Lemma swept_step q P : (q < m)%N -> swept q.+1 P -> swept q (Pstep par lev lam A P (nth r o q)).
Proof.
move=> hq sw; set i := nth r o q.
have ii : index i o = q by rewrite index_nth_foldOrder.
have io : i \in o by rewrite mem_nth.
have later k : anc par i k -> (q < index k o)%N by rewrite -ii; exact: index_anc.
have row_G j : anc par i j ->
    P i j + \sum_(k <- ancs par i) Ps i k *m P k j = submxblock G i j.
  move=> ij; rewrite (back_substitution _ io) (swept_pending sw) ?ii ?ij ?orbT //.
  congr (_ + _); apply: eq_big_seq => k; rewrite mem_ancs => ik.
  by rewrite (swept_comparable sw) ?later ?(anc_chain ij ik).
have col_G j : anc par i j -> Pstep par lev lam A P i j i = submxblock G j i.
  by move=> ij; rewrite Pstep_col // row_G // -Gless_skew.
move=> a b; case: (eqVneq a i) => [->|nai] ab.
  rewrite ii leqnn; case/orP: ab => [/eqP ->|ib]; last first.
    by rewrite Pstep_row // row_G // col_G.
  suff -> : Pstep par lev lam A P i i i = submxblock G i i by [].
  rewrite Pstep_diag (back_substitution _ io) (swept_pending sw) ?ii ?eqxx //.
  by congr (_ + _); apply: eq_big_seq => j; rewrite mem_ancs => ij; rewrite col_G.
have ia : (b == i) ==> ~~ anc par i a.
  apply/implyP => /eqP bi; move: ab; rewrite bi eq_sym (negbTE nai) /= => ai.
  by rewrite (anc_asym lev_anc ai).
have ab_fixed : Pstep par lev lam A P i a b = P a b.
  by apply: Pstep_untouched; rewrite ?(negbTE nai) ?nai //=.
have ba_fixed : Pstep par lev lam A P i b a = P b a.
  by apply: Pstep_untouched; rewrite ?(negbTE nai) ?nai //=.
rewrite ab_fixed ba_fixed.
have -> : (q <= index a o)%N = (q < index a o)%N.
  rewrite leq_eqVlt orb_idl // => /eqP qa; case/eqP: nai.
  by rewrite /i qa nth_index // -index_mem -qa.
exact: sw.
Qed.
(* A continuous function $f:[0,1]\to\mathbb{R}$ is of bounded variation if and only if $f=g+h$ for some continuous functions $g,h:[0,1]\to\mathbb{R}$ whose graphs are $1$-monotone.
   Context: A metric space $(X,d)$ is $c$-monotone ($c>0$) if there is a linear order $<$ on $X$ such that $d(x,y)\le c\,d(x,z)$ whenever $x<y<z$ in $X$. The graph of $g$ is $\{(x,g(x)):x\in[0,1]\}\subseteq\mathbb{R}^2$ with the Euclidean metric. *)

From Stdlib Require Import Reals Lra List.
Open Scope R_scope.

Definition cont_on_01 (f : R -> R) : Prop :=
  forall x, 0 <= x <= 1 -> forall eps, 0 < eps ->
    exists delta, 0 < delta /\
      forall y, 0 <= y <= 1 -> Rabs (y - x) < delta -> Rabs (f y - f x) < eps.

Fixpoint variation_along (f : R -> R) (x0 : R) (l : list R) : R :=
  match l with
  | nil => 0
  | x1 :: l' => Rabs (f x1 - f x0) + variation_along f x1 l'
  end.

(* A partition 0 = x0 < x1 < ... < xn = 1, given as x0 = 0 and the list [x1;...;xn]. *)
Fixpoint incr_from (x0 : R) (l : list R) : Prop :=
  match l with
  | nil => True
  | x1 :: l' => x0 < x1 /\ incr_from x1 l'
  end.

Definition partition01 (l : list R) : Prop :=
  incr_from 0 l /\ last l 0 = 1.

Definition bounded_variation_01 (f : R -> R) : Prop :=
  exists M, forall l, partition01 l -> variation_along f 0 l <= M.

Definition dist2 (p q : R * R) : R :=
  sqrt ((fst p - fst q) ^ 2 + (snd p - snd q) ^ 2).

Definition strict_linear_order_on {T : Type} (S : T -> Prop) (lt : T -> T -> Prop) : Prop :=
  (forall x, S x -> ~ lt x x) /\
  (forall x y z, S x -> S y -> S z -> lt x y -> lt y z -> lt x z) /\
  (forall x y, S x -> S y -> x <> y -> lt x y \/ lt y x).

Definition c_monotone (c : R) (S : R * R -> Prop) : Prop :=
  exists lt : R * R -> R * R -> Prop,
    strict_linear_order_on S lt /\
    forall x y z, S x -> S y -> S z -> lt x y -> lt y z ->
      dist2 x y <= c * dist2 x z.

Definition graph01 (g : R -> R) : R * R -> Prop :=
  fun p => 0 <= fst p <= 1 /\ snd p = g (fst p).

From Stdlib Require Import Reals Lra Psatz List Classical ClassicalEpsilon.
Open Scope R_scope.

(* If f has bounded variation, its variation function V(x) = Var_[0,x] f is continuous and
   both V and f - V are monotone; the graph of a monotone function is 1-monotone for the
   order of abscissae.  Conversely, let g be continuous with a 1-monotone graph.  By
   connectedness of [0, 1] the order on the graph is monotone in the abscissa, so that the
   distance from a point of the graph grows as one moves away from it along the graph.
   Hence each rise |g x_(i+1) - g x_i| of a subdivision is paid for by x_(i+1) - x_i or by
   progress of the running extrema of g t + t and g t - t, which bounds the variation of g
   in terms of sup |g|.  Finally, bounded variation is stable under sums. *)

Lemma last_cons {A : Type} (x : A) (l : list A) (d : A) : last (x :: l) d = last l x.
Proof.
  revert x d; induction l as [|y l IH]; intros x d; [reflexivity|].
  change (last (y :: l) d = last (y :: l) x). now rewrite !IH.
Qed.

Lemma last_app {A : Type} (l1 l2 : list A) (d : A) : last (l1 ++ l2) d = last l2 (last l1 d).
Proof.
  revert d; induction l1 as [|x l1 IH]; intros d; [reflexivity|].
  rewrite <- app_comm_cons, !last_cons. apply IH.
Qed.

Lemma incr_from_app l1 l2 a :
  incr_from a l1 -> incr_from (last l1 a) l2 -> incr_from a (l1 ++ l2).
Proof.
  revert a; induction l1 as [|x l1 IH]; intros a H1 H2; [exact H2|].
  destruct H1 as [Hax H1]. rewrite last_cons in H2. split; auto.
Qed.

* * * *

In the listing above, start at the line with "Hence each rise", go on through the line with "revert x d;", and copy each of those lines exactly; leave out all the rest.

### COMPLETED TASK
   Hence each rise |g x_(i+1) - g x_i| of a subdivision is paid for by x_(i+1) - x_i or by
   progress of the running extrema of g t + t and g t - t, which bounds the variation of g
   in terms of sup |g|.  Finally, bounded variation is stable under sums. *)

Lemma last_cons {A : Type} (x : A) (l : list A) (d : A) : last (x :: l) d = last l x.
Proof.
  revert x d; induction l as [|y l IH]; intros x d; [reflexivity|].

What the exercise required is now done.